To put it simply, The Serpent and the Lamb is one of the most respected historians of early modern Germany doing what he does best. As he has demonstrated in such prior works as The Burgermeister's Daughter and The Flesh and the Spirit, Ozment is brilliant at closely examining the primary texts of the period, liberating them from preconceptions and received opinion, and delivering to his readers insightful, surprising and frequently entertaining accounts of life in central Europe at the close of the medieval world five centuries ago.
In fact, Ozment is one of those historians of the period whose nonfiction is more interesting than the work of most historical novelists, precisely because the fruits of the archives are more surprising, and the actual historical personages more engaging, than a twenty-first century writer's imagination might permit.
Consider for example what Ozment has to say on the subject of Martin Luther's relationship to the Elector Friedrich of Saxony. There is no end to the number of books one can find, both non-fiction and historical fiction, who describe Luther as utterly dependent on Friedrich for protection and patronage, and who consider Luther's conservative response to the Peasant's War as the expression of a cringing submission to his Ernestine Wettin master.
Compare that version of events, supported by numerous layers of assumptions, to what Ozment actually finds in the correspondence of Luther and the Elector through the intermediary of Georg Spalatin: responding to an admonition from his electoral patron that Luther's characterization of medieval rulers' relic collections had become too extreme, Luther answers "I would rather lose you, [my] Sovereign, and the whole world with you than [to hold silence]...It's just not going to happen, Spalatin! It's just not going to happen, Elector!" (Page 140, elipsis added). Not exactly the words of a compliant lapdog.
For me that is just the most interesting application of Ozment's method here, but it's far from the only one that manages to entertain. Essentially, in this double biography of Cranach and Luther, Ozment also ventures into the life and works of renaissance Germany's second most famous artist and tries his hand at some art criticism. He proves himself plenty capable at this, and provides the reader great fun in describing the complexity of Cranach's numerous overlapping enterprises and chaotic life. For in addition to being the great painter entrusted with cathedral altarpieces and dynastic portraiture, Cranach ran a pharmacy, imported wine, operated a printing press, designed elaborate hunts for the Elector and visiting imperial guests, served as an interior decorator, and produced an endless supply of "tasteful" boudoir nudes for the elite of the German towns.
And of course it's at the moments when the commercial and artistic interests of Cranach intersect with Luther's rebellion against, well, everyone else in Europe and fifteen or so centuries of received ideas about Christianity, that Ozment's book really takes off. Whether it's Cranach urging Luther to tame the iconoclastic elements among the Reformers, whether it's the two men trying to mediate violent turf battles in the small university town of Wittenberg between the knife-wielding workers at Cranach's shop and the surly students at Luther's university (the Leucorea), or whether it's Cranach's sad climactic efforts to intercede with the Emperor on behalf of Friedrich's nephew the Elector Johann Friedrich the Magnanimous, seeing how personal interests, theological values, commercial norms and political necessities combine in these pages is a neverending source of wonder. At it's best, one feels as if a curtain has been thrown aside and a secret history of the early German reformation has been presented.

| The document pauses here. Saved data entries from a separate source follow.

(* Let $G\le\mathrm{Aut}(\mathcal{T}_d)$ be a finitely generated, persistent, finite-state self-similar group. Then there exists a quasi-retraction $V_d(G)\to G$.
   Context: Let $X=\{1,\dots,d\}$ ($d\ge2$) with its usual order; $X^*$ is the vertex set of the rooted $d$-ary tree $\mathcal{T}_d$, ordered lexicographically. Every $f\in\mathrm{Aut}(\mathcal{T}_d)$ has a wreath recursion $f=\rho(f)(f_1,\dots,f_d)$ with $\rho(f)\in S_d$, $f_i$ determined by $f(iw)=\rho(f)(i)f_i(w)$; the states of $f$ form the smallest set containing $f$ and closed under $f\mapsto f_i$. $G$ is self-similar if it contains all states of its elements; finite-state if each element has finitely many states; persistent if there is $i$ such that $g_i=g$ for every $g\in G$. With $X^\omega$ the infinite words, for finite complete rooted subtrees $T_-,T_+$ with $n$ leaves $u_1,\dots,u_n$, $v_1,\dots,v_n$ (lexicographic order), $\sigma\in S_n$, $g_i\in G$, $[T_-,\sigma(g_1,\dots,g_n),T_+]$ is the homeomorphism of $X^\omega$ with $v_iw\mapsto u_{\sigma(i)}g_i(w)$; $V_d(G)$ is the group of all these (it is generated by the finitely generated Higman–Thompson group $V_d$, the case of all $g_i$ trivial, together with a copy of $G$, so it is finitely generated when $G$ is). For finitely generated groups $H,Q$ with word metrics $d_H,d_Q$, a map $r\colon H\to Q$ is a quasi-retraction if there are $C\ge1$, $D\ge0$ and a map $\iota\colon Q\to H$ such that $r$ and $\iota$ are $(C,D)$-Lipschitz (i.e. $d(\phi(x),\phi(x'))\le C d(x,x')+D$) and $d_Q(r\iota(x),x)\le D$ for all $x\in Q$. *)

From mathcomp Require Import all_boot all_fingroup.
From Stdlib Require List.
Set Implicit Arguments. Unset Strict Implicit. Unset Printing Implicit Defensive.

(* Alphabet X = {1,...,d} is modelled by 'I_d = {0,...,d-1} with its usual order. *)
(* Vertices of the rooted d-ary tree T_d = finite words X^*. *)
Definition word (d : nat) := seq 'I_d.
Definition tmap (d : nat) := word d -> word d.
Definition iword (d : nat) := nat -> 'I_d.

Definition is_aut (d : nat) (f : tmap d) : Prop :=
  bijective f /\ (forall w, size (f w) = size w)
  /\ (forall w n, f (take n w) = take n (f w)).

Definition aut_subgroup (d : nat) (G : tmap d -> Prop) : Prop :=
  (forall g, G g -> is_aut g) /\ G id
  /\ (forall g h, G g -> G h -> G (g \o h))
  /\ (forall g, G g -> exists h, G h /\ cancel g h /\ cancel h g).

(* Section (state) of g at the vertex u: g (u w) = g(u) (sect g u)(w). *)
Definition sect (d : nat) (g : tmap d) (u : word d) : tmap d :=
  fun w => drop (size u) (g (u ++ w)).

Inductive is_state (d : nat) (g : tmap d) : tmap d -> Prop :=
  | st_self : is_state g g
  | st_next (h : tmap d) (i : 'I_d) : is_state g h -> is_state g (sect h [:: i]).

Definition self_similar (d : nat) (G : tmap d -> Prop) : Prop :=
  forall g h, G g -> is_state g h -> G h.

Definition finite_state (d : nat) (G : tmap d -> Prop) : Prop :=
  forall g, G g -> exists (n : nat) (k : nat -> tmap d),
    forall h, is_state g h -> exists i, (i < n)%N /\ h = k i.

Definition persistent (d : nat) (G : tmap d -> Prop) : Prop :=
  exists i : 'I_d, forall g, G g -> sect g [:: i] = g.

Fixpoint lexlt (d : nat) (u v : word d) : bool :=
  match u, v with
  | [::], [::] => false
  | [::], _ :: _ => true
  | _ :: _, [::] => false
  | x :: u', y :: v' => (nat_of_ord x < nat_of_ord y)%N || ((x == y) && lexlt u' v')
  end.

Definition complete_subtree (d : nat) (T : seq (word d)) : Prop :=
  [::] \in T
  /\ (forall (v : word d) (x : 'I_d), rcons v x \in T -> v \in T)
  /\ (forall v, v \in T ->
        (forall x : 'I_d, rcons v x \in T) \/ (forall x : 'I_d, rcons v x \notin T)).

Definition leaves_list (d : nat) (T : seq (word d)) (ls : seq (word d)) : Prop :=
  sorted (@lexlt d) ls
  /\ forall v, v \in ls <-> (v \in T /\ forall x : 'I_d, rcons v x \notin T).

Definition cat_iw (d : nat) (u : word d) (w : iword d) : iword d :=
  fun n => if (n < size u)%N then nth (w 0%N) u n else w (n - size u)%N.

Definition act_inf (d : nat) (g : tmap d) (w : iword d) : iword d :=
  fun n => nth (w n) (g (mkseq w n.+1)) n.

(* f is an element [T_-, sigma(g_1,...,g_n), T_+] of V_d(G):
   v_i w |-> u_{sigma(i)} g_i(w)   (indices 0-based here). *)
Definition in_V (d : nat) (G : tmap d -> Prop) (f : iword d -> iword d) : Prop :=
  exists (n : nat) (Tm Tp us vs : seq (word d)) (s : 'S_n) (gs : 'I_n -> tmap d),
    complete_subtree Tm /\ complete_subtree Tp
    /\ leaves_list Tm us /\ leaves_list Tp vs
    /\ size us = n /\ size vs = n
    /\ (forall i, G (gs i))
    /\ forall (i : 'I_n) (w : iword d),
         f (cat_iw (nth [::] vs i) w) = cat_iw (nth [::] us (s i)) (act_inf (gs i) w).

Definition lprod (A : Type) (L : seq (A -> A)) : A -> A :=
  foldr (fun s t => s \o t) id L.

Definition gen_set (A : Type) (H : (A -> A) -> Prop) (S : seq (A -> A)) : Prop :=
  (forall s, List.In s S -> H s)
  /\ (forall s, List.In s S -> exists t, List.In t S /\ cancel s t /\ cancel t s)
  /\ (forall h, H h -> exists L, (forall s, List.In s L -> List.In s S) /\ h = lprod L).

Definition fin_gen (A : Type) (H : (A -> A) -> Prop) : Prop :=
  exists S, gen_set H S.

(* d_S(x, y) <= n, for the word metric d_S(x,y) = |x^-1 y|_S. *)
Definition wdist_le (A : Type) (S : seq (A -> A)) (x y : A -> A) (n : nat) : Prop :=
  exists L, (forall s, List.In s L -> List.In s S) /\ (size L <= n)%N /\ y = x \o lprod L.

Definition lipschitz (A B : Type) (H : (A -> A) -> Prop) (SH : seq (A -> A))
  (SQ : seq (B -> B)) (phi : (A -> A) -> (B -> B)) (C D : nat) : Prop :=
  forall x x' n, H x -> H x' -> wdist_le SH x x' n -> wdist_le SQ (phi x) (phi x') (C * n + D).

Definition quasi_retraction (A B : Type) (H : (A -> A) -> Prop) (SH : seq (A -> A))
  (Q : (B -> B) -> Prop) (SQ : seq (B -> B)) (r : (A -> A) -> (B -> B)) : Prop :=
  exists (C D : nat) (iota : (B -> B) -> (A -> A)),
    (1 <= C)%N
    /\ (forall x, H x -> Q (r x))
    /\ (forall y, Q y -> H (iota y))
    /\ lipschitz H SH SQ r C D
    /\ lipschitz Q SQ SH iota C D
    /\ forall y, Q y -> wdist_le SQ (r (iota y)) y D.

(* Let i be a persistent letter, so every g in G satisfies g(i w) = g(i) g(w).
   For f in V_d(G), a chart is a cylinder X X^omega that f maps onto a cylinder
   i^M X^omega through w |-> i^M g^-1(w) with g in G.  Charts can be lengthened
   without changing g (persistence), and any two charts of f both contain
   f^-1(i^omega); lengthening them to a common prefix of that point shows that
   g depends on f only: a mismatch i^m with m > 0 would force g^-1 to take values
   in a proper cylinder.  The retraction sends f to g^-1.  Composing f on the right
   with a generator of V_d(G) multiplies g^-1 on the right by a state of one of the
   finitely many group elements describing that generator, and finite-stateness
   bounds the word length of these states uniformly; conversely G acts on X^omega
   inside V_d(G), and this action is a right inverse of the retraction. *)
From mathcomp Require Import all_boot all_fingroup zify.
From Stdlib Require Import ClassicalEpsilon FunctionalExtensionality.
Set Implicit Arguments. Unset Strict Implicit. Unset Printing Implicit Defensive.

Section WordMetric.
Variable A : Type.
Implicit Types (S : seq (A -> A)) (x y t : A -> A).

Lemma lprod_cat (L1 L2 : seq (A -> A)) : lprod (L1 ++ L2) = lprod L1 \o lprod L2.
Proof. by elim: L1 => //= a L1 ->. Qed.

Lemma wdist_le_trans S x y z m n :
  wdist_le S x y m -> wdist_le S y z n -> wdist_le S x z (m + n).
Proof.
move=> [L1 [sub1 [size1 ->]]] [L2 [sub2 [size2 ->]]].
exists (L1 ++ L2); split; last by rewrite size_cat leq_add // lprod_cat.
by move=> s /(List.in_app_or _ _ _) [] ?; [apply: sub1 | apply: sub2].
Qed.

Lemma wdist_le_mono S x y m n : m <= n -> wdist_le S x y m -> wdist_le S x y n.
Proof. by move=> le_mn [L [subL [sizeL E]]]; exists L; rewrite (leq_trans sizeL). Qed.

Lemma wdist_le_mulr S x t n : wdist_le S id t n -> wdist_le S x (x \o t) n.
Proof. by move=> [L [subL [sizeL ->]]]; exists L. Qed.

Lemma gen_set_wdist (H : (A -> A) -> Prop) S x :
  gen_set H S -> H x -> exists n, wdist_le S id x n.
Proof. by move=> [_ [_ genS]] /genS [L [subL ->]]; exists (size L), L. Qed.

Lemma lprod_closed S (P : (A -> A) -> Prop) :
  (forall x s, P x -> List.In s S -> P (x \o s)) ->
  forall L x, P x -> (forall s, List.In s L -> List.In s S) -> P (x \o lprod L).
Proof.
move=> closedP; elim=> [|a L IH] x Px subL //=.
have SHa : List.In a S by apply: subL; left.
by apply: (IH (x \o a) (closedP _ _ Px SHa)) => s Ls; apply: subL; right.
Qed.

Lemma gen_set_closed (H P : (A -> A) -> Prop) S :
  gen_set H S -> P id -> (forall x s, P x -> List.In s S -> P (x \o s)) ->
  forall x, H x -> P x.
Proof.
move=> [_ [_ genS]] Pid closedP x /genS [L [subL ->]].
exact: (lprod_closed closedP Pid subL).
Qed.

End WordMetric.

Section Lipschitz.
Variables (A B : Type).
Implicit Types (SH : seq (A -> A)) (SQ : seq (B -> B)).

Lemma lipschitz_of_generators (H P : (A -> A) -> Prop) SH SQ
    (phi : (A -> A) -> B -> B) C :
  gen_set H SH -> P id -> (forall x s, P x -> List.In s SH -> P (x \o s)) ->
  (forall x s, P x -> List.In s SH -> wdist_le SQ (phi x) (phi (x \o s)) C) ->
  lipschitz H SH SQ phi C 0.
Proof.
move=> genH Pid closedP stepP x x' n Hx _ [L [subL [sizeL ->]]].
rewrite addn0; apply: wdist_le_mono (leq_mul (leqnn C) sizeL) _.
have Px := gen_set_closed genH Pid closedP Hx; clear Hx sizeL.
elim: L x Px subL => [|a L IH] x Px subL.
  by exists [::].
have SHa : List.In a SH by apply: subL; left.
rewrite mulnS; apply: wdist_le_trans (stepP _ _ Px SHa) _.
by apply: (IH (x \o a) (closedP _ _ Px SHa)) => s Ls; apply: subL; right.
Qed.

Moreover, the focus of Ozment's career has been social history, and certainly his observations on the marriages of Luther and Cranach are fascinating both for what they have to tell us about the norms of the period and for the ways in which they are anything but representative of wider social norms at the time.
In short, this is no less than a great book, a shatterer of preconceptions, a demonstration of the complexity and nuance of the questions that animated times past, a fluent and lively account of a corner of the world that would eventually shape modernity. And one can almost imagine at some points in "The Serpent and the Lamb" sixteenth century Wittenberg as a television show not unlike HBO's Deadwood, with the Elector ruling at its center like a portly Al Swearingen. If you have lay friends who love renaissance history, you should give them this book. And if you have friends who hate renaissance history because of a bad experience with a dull teacher or duller tome, then you should definitely give them this book, for if anything has the power to change their opinion, it surely does.